しかし、かなりの数の左派、非同盟、学術関係者は、ジョンソン政権がイングランド北部と中部地方の不況地域の再建に大きな政策的重点を置き、かつての「レッドベルト」有権者の一時的支持を長期にわたって固め、保持することはもっともであると考えています。 今回の選挙で獲得した47議席の議員全員と、それ以前は少数派であったトーリーの現職議員の多くは、ジョンソンのポピュリスト的能力によって、これまで保守党のメッセージに敵対していた聴衆に訴えられた結果、コモンズの地位を得たというのである。

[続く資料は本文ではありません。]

Local Notation x n := (gauss_it alpha n).
Local Notation a n := (pquot alpha n).
Local Notation q n := (cf_q alpha n).
Local Notation q' n := (cf_qpair alpha n).2.

(* (p_n, p_(n-1)), with p_(-1) = 1 and p_0 = floor alpha *)
Fixpoint cf_ppair (n : nat) : int * int :=
  match n with
  | 0 => (Num.floor alpha, 1)
  | n'.+1 => let p := cf_ppair n' in ((a n)%:Z * p.1 + p.2, p.1)
  end.

Local Notation p n := (cf_ppair n).1.
Local Notation p' n := (cf_ppair n).2.

Definition cf_err n : R := (q n)%:R * alpha - (p n)%:~R.
Definition cf_err_prev n : R := (q' n)%:R * alpha - (p' n)%:~R.

Lemma cf_det n : (q n)%:Z * p' n - p n * (q' n)%:Z = (-1) ^+ n.
Proof.
elim: n => [|n IHn]; first by rewrite /cf_q /= mulr1 mulr0 subr0.
rewrite exprS -IHn /cf_q /= PoszD PoszM; ring.
Qed.

Lemma cf_err_neq0 n : cf_err n != 0.
Proof.
rewrite /cf_err subr_eq0; apply/eqP => qp.
have [q0|q_gt0] := posnP (q n).
  have p0 : p n = 0 by apply/eqP; rewrite -(eqr_int R) -qp q0 mul0r.
  by have := cf_det n; rewrite q0 p0 !mul0r subrr => /eqP; rewrite eq_sym signr_eq0.
apply: alpha_irr; apply/rationalP; exists (p n), (q n).
by rewrite -qp mulrAC divff ?mul1r // pnatr_eq0 -lt0n.
Qed.

Lemma cf_errS n : cf_err n.+1 = (a n.+1)%:R * cf_err n + cf_err_prev n.
Proof. by rewrite /cf_err /cf_err_prev /cf_q /= natrD natrM intrD intrM; ring. Qed.

Lemma cf_err_prevS n : cf_err_prev n.+1 = cf_err n.
Proof. by []. Qed.

Lemma gauss_it_itv n : 0 <= x n < 1.
Proof. by case: n => [|n]; apply: frac_itv. Qed.

Lemma gauss_it_gt0_from n : cf_err n = - x n * cf_err_prev n -> 0 < x n.
Proof.
move=> e_x; have /andP[x0 _] := gauss_it_itv n; rewrite lt_neqAle x0 andbT eq_sym.
by apply: contra (cf_err_neq0 n); rewrite e_x => /eqP->; rewrite oppr0 mul0r.
Qed.

Lemma cf_err_gauss n : cf_err n = - x n * cf_err_prev n.
Proof.
elim: n => [|n IHn].
  by rewrite /cf_err /cf_err_prev /cf_q /= mul1r mul0r sub0r mulrN mulr1 opprK.
have x_gt0 := gauss_it_gt0_from IHn.
rewrite cf_errS cf_err_prevS IHn.
have -> : (a n.+1)%:R = 1 / x n - x n.+1.
  by rewrite [1 / x n]truncn_add_frac ?addrK // divr_ge0 // ltW.
by field; rewrite gt_eqF.
Qed.

Lemma gauss_it_gt0 n : 0 < x n.
Proof. exact/gauss_it_gt0_from/cf_err_gauss. Qed.

Lemma pquot_gt0 n : (0 < a n.+1)%N.
Proof.
have x0 := gauss_it_gt0 n; have /andP[_ x1] := gauss_it_itv n.
by rewrite /pquot truncn_gt0 ler_pdivlMr // mul1r ltW.
Qed.

Lemma cf_qS n : q n.+1 = (a n.+1 * q n + q' n)%N.
Proof. by []. Qed.

Lemma cf_q_prevS n : q' n.+1 = q n.
Proof. by []. Qed.

Lemma cf_q_prev_le n : (q' n <= q n)%N.
Proof. by case: n => [|n] //; rewrite cf_qS cf_q_prevS; have := pquot_gt0 n; nia. Qed.

Lemma cf_q_gt0 n : (0 < q n)%N.
Proof. by elim: n => [|n IHn] //; rewrite cf_qS; have := pquot_gt0 n; nia. Qed.

Lemma cf_q_leS n : (q n <= q n.+1)%N.
Proof. by rewrite cf_qS; have := pquot_gt0 n; nia. Qed.

Lemma cf_q_mono : {homo cf_q alpha : m n / (m <= n)%N}.
Proof. by apply: homo_leq => //; [exact: leq_trans | exact: cf_q_leS]. Qed.

Lemma cf_q_double n : (2 * q n <= q n.+2)%N.
Proof. by rewrite cf_qS cf_q_prevS; have := pquot_gt0 n.+1; have := cf_q_leS n; nia. Qed.

Lemma cf_q_double_le m n : (m.+2 <= n)%N -> (2 * q m <= q n)%N.
Proof. by move=> /cf_q_mono; apply: leq_trans (cf_q_double m). Qed.

Lemma cf_err_prev_le n (k l : int) :
  0 < k < (q n)%:Z -> `|cf_err_prev n| <= `|k%:~R * alpha - l%:~R|.
Proof.
(* (u, v) are the integer coordinates of (k, l) in the basis (q_n, p_n), (q_(n-1), p_(n-1))
   of determinant +-1; they have opposite signs, so |v - u x_n| >= 1. *)
move=> k_range; set d := (q n)%:Z * p' n - p n * (q' n)%:Z.
have dd : d * d = 1 by rewrite /d cf_det -expr2 sqrr_sign.
set u := d * (k * p' n - l * (q' n)%:Z); set v := d * (l * (q n)%:Z - k * p n).
have def_k : u * (q n)%:Z + v * (q' n)%:Z = k.
  by rewrite -[RHS]mul1r -dd /u /v /d; ring.
have def_l : u * p n + v * p' n = l.
  by rewrite -[RHS]mul1r -dd /u /v /d; ring.
have -> : k%:~R * alpha - l%:~R = (v%:~R - u%:~R * x n) * cf_err_prev n.
  rewrite mulrBl -mulrA -mulrN -mulNr -cf_err_gauss /cf_err /cf_err_prev.
  by rewrite -def_k -def_l !intrD !intrM; ring.
rewrite normrM ler_peMl //; have x0 := gauss_it_gt0 n.
have [[v0 u0]|[v0 u0]] := int_comb_signs def_k k_range isT.
  have v1 : 1 <= v%:~R :> R by rewrite ler1z.
  have ux : u%:~R * x n <= 0 by rewrite mulr_le0_ge0 ?lerz0 // ltW.
  by rewrite ger0_norm; lra.
have v1 : v%:~R <= -1 :> R by rewrite -mulrN1z ler_int; lia.
have ux : 0 <= u%:~R * x n by rewrite mulr_ge0 ?ler0z // ltW.
by rewrite ler0_norm; lra.
Qed.

Lemma cf_err_prev_ge n : 1 / (2 * (q n)%:R) <= `|cf_err_prev n|.
Proof.
have x0 := gauss_it_gt0 n; have /andP[_ x1] := gauss_it_itv n.
have q0 : 0 < (q n)%:R :> R by rewrite ltr0n cf_q_gt0.
have q'q : (q' n)%:R <= (q n)%:R :> R by rewrite ler_nat cf_q_prev_le.
have q'x : (q' n)%:R * x n <= (q n)%:R by rewrite -[leRHS]mulr1 ler_pM // ltW.
have /(congr1 Num.norm) : cf_err_prev n * ((q n)%:R + (q' n)%:R * x n) = - (-1) ^+ n.
  rewrite (_ : _ * _ = (q n)%:R * cf_err_prev n - (q' n)%:R * cf_err n).
    by rewrite -(intr_sign R) -cf_det /cf_err /cf_err_prev intrB !intrM; ring.
  by rewrite cf_err_gauss; ring.
have s0 : 0 <= (q n)%:R + (q' n)%:R * x n by rewrite addr_ge0 ?mulr_ge0 // ltW.
rewrite normrN normr_sign normrM (ger0_norm s0) => he.
by rewrite ler_pdivrMr ?mulr_gt0 // -[X in X <= _]he ler_wpM2l //; lra.
Qed.

Lemma circ_norm_int_mul_ge n (k : int) :
  k != 0 -> (`|k| < q n)%N -> 1 / (2 * (q n)%:R) <= circ_norm (k%:~R * alpha).
Proof.
move=> k0 kq; rewrite circ_normE; set l := nearest_int _.
apply: le_trans (cf_err_prev_ge n) _.
have [k_gt0|k_le0] := ltrP 0 k; first by apply: cf_err_prev_le; lia.
have -> : k%:~R * alpha - l%:~R = - ((- k)%:~R * alpha - (- l)%:~R) by rewrite !intrN; ring.
by rewrite normrN; apply: cf_err_prev_le; lia.
Qed.

End ContinuedFraction.

Lemma ler_half_nat (R : realType) (Q n : nat) : (Q%:R / 2 <= n%:R :> R) = (Q <= 2 * n)%N.
Proof. by rewrite ler_pdivrMr // -natrM mulnC ler_nat. Qed.

Section Disks.
Variable R : realType.
Variable alpha : R.
Hypothesis alpha_irr : irrational alpha.
Variable e : R.
Hypothesis e_gt0 : 0 < e.

Local Notation q n := (cf_q alpha n).
Local Notation cn := (@circ_norm R).

Definition cf_level (m n : nat) : bool := (q m <= 2 * n)%N && (n < q m)%N.

Definition disk (n : nat) : set R := cball (n%:R * alpha) (e / n%:R).

Definition disks_meet (n n' : nat) : bool := `[< disk n `&` disk n' !=set0 >].

Lemma size_circ_near_le m (s : seq nat) (y L : R) : 0 <= L -> uniq s ->
  {in s, forall n, (n < q m)%N} -> {in s, forall n, cn (n%:R * alpha - y) <= L} ->
  (size s)%:R <= 4 * L * (q m)%:R + 1.
Proof.
move=> L0 us s_lt s_near.
have q0 : 0 < (q m)%:R :> R by rewrite ltr0n cf_q_gt0.
pose t n := (n%:R * alpha - y) - (nearest_int (n%:R * alpha - y))%:~R.
have -> : 4 * L * (q m)%:R = 2 * L / (1 / (2 * (q m)%:R)) by rewrite div1r invrK; ring.
apply: (separated_size_le (t := t)) => //; first by rewrite divr_gt0 ?mulr_gt0.
  by move=> n /s_near; rewrite circ_normE.
move=> n1 n2 n1s n2s n12.
have -> : t n1 - t n2 = (n1%:Z - n2%:Z)%:~R * alpha
    - (nearest_int (n1%:R * alpha - y) - nearest_int (n2%:R * alpha - y))%:~R.
  by rewrite /t !intrB !pmulrn; ring.
apply: le_trans (circ_norm_le _ _); apply: (circ_norm_int_mul_ge alpha_irr).
  by rewrite subr_eq0 eqz_nat.
by have := s_lt _ n1s; have := s_lt _ n2s; lia.
Qed.

Lemma disk_radius_le m n : cf_level m n -> e / n%:R <= 2 * e / (q m)%:R.
Proof.
case/andP=> qn _; have q0 : 0 < (q m)%:R :> R by rewrite ltr0n cf_q_gt0.
have n0 : 0 < n%:R :> R by rewrite ltr0n; have := cf_q_gt0 alpha_irr m; lia.
have {}qn : (q m)%:R <= 2 * n%:R :> R by rewrite -natrM ler_nat.
by rewrite ler_pdivrMr // mulrAC ler_pdivlMr // [2 * e]mulrC -mulrA ler_pM2l.
Qed.

Lemma disks_meet_circ_norm_le n n' : disks_meet n n' ->
  cn (n'%:R * alpha - n%:R * alpha) <= e / n%:R + e / n'%:R.
Proof. by move/asboolP; apply: circ_norm_cballI. Qed.

Lemma cf_level_disks_meet_le m m' n n' : cf_level m n -> cf_level m' n' -> disks_meet n n' ->
  cn ((n'%:Z - n%:Z)%:~R * alpha) <= 2 * e / (q m)%:R + 2 * e / (q m')%:R.
Proof.
move=> ln ln' /disks_meet_circ_norm_le; rewrite intrB !pmulrn mulrBl => /le_trans; apply.
by apply: lerD; apply: disk_radius_le.
Qed.

Lemma cf_level_disks_disjoint m n n' : e < 1 / 8 -> cf_level m n -> cf_level m n' -> n != n' ->
  disk n `&` disk n' = set0.
Proof.
move=> e_small ln ln' nn'; apply/nonemptyPn => /asboolP /(cf_level_disks_meet_le ln ln').
have k0 : n'%:Z - n%:Z != 0 by rewrite subr_eq0 eqz_nat eq_sym.
have kq : (`|n'%:Z - n%:Z| < q m)%N by move: ln ln'; rewrite /cf_level; lia.
move/(le_trans (circ_norm_int_mul_ge alpha_irr k0 kq)).
rewrite (_ : 1 / _ = 2^-1 * (q m)%:R^-1); last by rewrite div1r invfM.
rewrite (_ : _ + _ = 4 * e * (q m)%:R^-1); last by ring.
by rewrite ler_pM2r ?invr_gt0 ?ltr0n ?cf_q_gt0 //; lra.
Qed.

Lemma count_disks_meet_le m0 m n (s : seq nat) : (2 * q m0 <= q m)%N -> cf_level m0 n ->
  uniq s -> {in s, forall n', cf_level m n'} ->
  (count (disks_meet n) s)%:R <= 24 * e * (q m)%:R / (q m0)%:R.
Proof.
move=> qq ln us s_level; have q00 : 0 < (q m0)%:R :> R by rewrite ltr0n cf_q_gt0.
have q0 : 0 < (q m)%:R :> R by rewrite ltr0n cf_q_gt0.
set L := 2 * e / (q m0)%:R + 2 * e / (q m)%:R.
have L0 : 0 <= L by rewrite addr_ge0 // divr_ge0 // mulr_ge0 // ltW.
have near :
    {in [seq n' <- s | disks_meet n n'], forall n', cn (n'%:R * alpha - n%:R * alpha) <= L}.
  move=> n'; rewrite mem_filter => /andP[/disks_meet_circ_norm_le near_n n's].
  apply: le_trans near_n _.
  by apply: lerD; apply: disk_radius_le => //; apply: s_level.
have near_lt : {in [seq n' <- s | disks_meet n n'], forall n', (n' < q m)%N}.
  by move=> n'; rewrite mem_filter => /andP[_ /s_level /andP[]].
have := size_circ_near_le L0 (filter_uniq _ us) near_lt near; rewrite size_filter.
have [/hasP[n' n's nn']|] := boolP (has (disks_meet n) s); last first.
  rewrite has_count -leqNgt leqn0 => /eqP-> _.
  by rewrite divr_ge0 ?mulr_ge0 // ltW.
have qL : 1 / (2 * (q m)%:R) <= L.
  apply: le_trans (cf_level_disks_meet_le ln (s_level _ n's) nn').
  apply: circ_norm_int_mul_ge => //; last by move: ln (s_level _ n's); rewrite /cf_level; lia.
  by rewrite subr_eq0 eqz_nat; apply/eqP; move: ln (s_level _ n's); rewrite /cf_level; lia.
have q0q : (q m0)%:R <= (q m)%:R :> R by rewrite ler_nat; lia.
have Lq1 : 1 <= 2 * (L * (q m)%:R) by rewrite mulrCA -ler_pdivrMr ?mulr_gt0.
pose r : R := (q m)%:R / (q m0)%:R.
have er : e <= e * r by rewrite ler_pMr // /r ler_pdivlMr // mul1r.
have Lq : L * (q m)%:R = 2 * (e * r) + 2 * e.
  by rewrite /L /r; field; rewrite !gt_eqF.
rewrite -mulrA Lq in Lq1 * => count_le.
by rewrite (_ : _ / _ = 24 * (e * r)); [lra | rewrite /r; ring].
Qed.

End Disks.

Section Pruning.
Variable R : realType.
Variable alpha : R.
Hypothesis alpha_irr : irrational alpha.
Variables (e mu : R) (j : nat).
Hypothesis e_gt0 : 0 < e.
Hypothesis je : j%:R * e <= 1 / 512.
Variable lev : nat -> nat.
Hypothesis lev_sep : forall i' i, (i' < i)%N -> (2 * cf_q alpha (lev i') <= cf_q alpha (lev i))%N.
Variable Dt : nat -> seq nat.
Hypothesis Dt_uniq : forall i, uniq (Dt i).
Hypothesis Dt_level : forall i, {in Dt i, forall n, cf_level alpha (lev i) n}.
Hypothesis Dt_size_ge : forall i, 1 / 8 * mu * (cf_q alpha (lev i))%:R <= (size (Dt i))%:R.
Hypothesis Dt_size_le : forall i, (size (Dt i))%:R <= mu * (cf_q alpha (lev i))%:R.

Local Notation q i := (cf_q alpha (lev i)).
Local Notation disks_meet := (disks_meet alpha e).

Definition shadowed (i n : nat) : bool :=
  has (fun i' => has (disks_meet^~ n) (Dt i')) (iota 0 i).

Definition pruned (i : nat) : seq nat := [seq n <- Dt i | ~~ shadowed i n].

Lemma shadowed_count_le_sum i :
  (count (shadowed i) (Dt i)
    <= \sum_(i' <- iota 0 i) \sum_(n <- Dt i') count (disks_meet n) (Dt i))%N.
Proof.
apply: leq_trans (count_has_le_sum _ _ _) _.
by apply: leq_sum => i' _; apply: count_has_le_sum.
Qed.

Lemma shadow_level_sum_le i' i : (i' < i)%N ->
  (\sum_(n <- Dt i') count (disks_meet n) (Dt i))%:R <= 24 * e * (mu * (q i)%:R) :> R.
Proof.
move=> lt_i'i; have q'0 : 0 < (q i')%:R :> R by rewrite ltr0n cf_q_gt0.
rewrite natr_sum.
apply: le_trans (_ : _ <= \sum_(n <- Dt i') 24 * e * (q i)%:R / (q i')%:R) _.
  rewrite big_seq [leRHS]big_seq; apply: ler_sum => n n_in.
  exact: (count_disks_meet_le alpha_irr e_gt0 (lev_sep lt_i'i) (Dt_level n_in) (Dt_uniq i)
    (@Dt_level i)).
rewrite big_const_seq count_predT iter_addr_0 -[_ *+ size _]mulr_natl.
apply: le_trans (ler_wpM2r _ (Dt_size_le i')) _.
  by rewrite divr_ge0 ?mulr_ge0 // ltW.
by rewrite le_eqVlt; apply/orP; left; apply/eqP; field; rewrite gt_eqF.
Qed.

Lemma shadowed_count_le i :
  (count (shadowed i) (Dt i))%:R <= i%:R * (24 * e * (mu * (q i)%:R)) :> R.
Proof.
have := shadowed_count_le_sum i; rewrite -(ler_nat R) => /le_trans; apply.
rewrite natr_sum big_seq.
apply: le_trans (_ : _ <= \sum_(i' <- iota 0 i | i' \in iota 0 i) 24 * e * (mu * (q i)%:R)) _.
  by apply: ler_sum => i'; rewrite mem_iota add0n => /andP[_ lt_i'i]; apply: shadow_level_sum_le.
by rewrite -big_seq big_const_seq count_predT size_iota iter_addr_0 [leRHS]mulr_natl.
Qed.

新しい議員集団は、これまで無視されてきたコミュニティの利益のための強力なロビーとなり、その声は、ロンドン市長として示し、選挙キャンペーンで繰り返し強調した、より介入的な「一つの国家」としてのトーリズムに対する首相自身の直感に強く響くと言われている。 その結果、製造業の利益に有利な「ソフト」なブレグジット協定の締結(その過程で欧州研究グループの右派強硬派を「見送る」)、新しく革新的な地域政策の推進、公共サービスや福祉資金の問題に対する「ソフト」な路線など、さまざまな政策結果が予想されている。
構造的な障壁
英国の経済・制度・文化システムは、政府の行動範囲を限定する8つの大きな制約を課しており、Dominic Cummingsの「革命的」政策変更の野心をあざ笑うようなものである。
- Brexit の憂鬱な経済的影響は、ほとんどの有権者にはまだ見えていないかもしれないが、ビジネスや学界ではすでに明らかに作用しており、英国の GDP、外国直接投資の魅力、将来の経済成長の余地、政府の課税基盤の健全性を徐々に蝕んでいる。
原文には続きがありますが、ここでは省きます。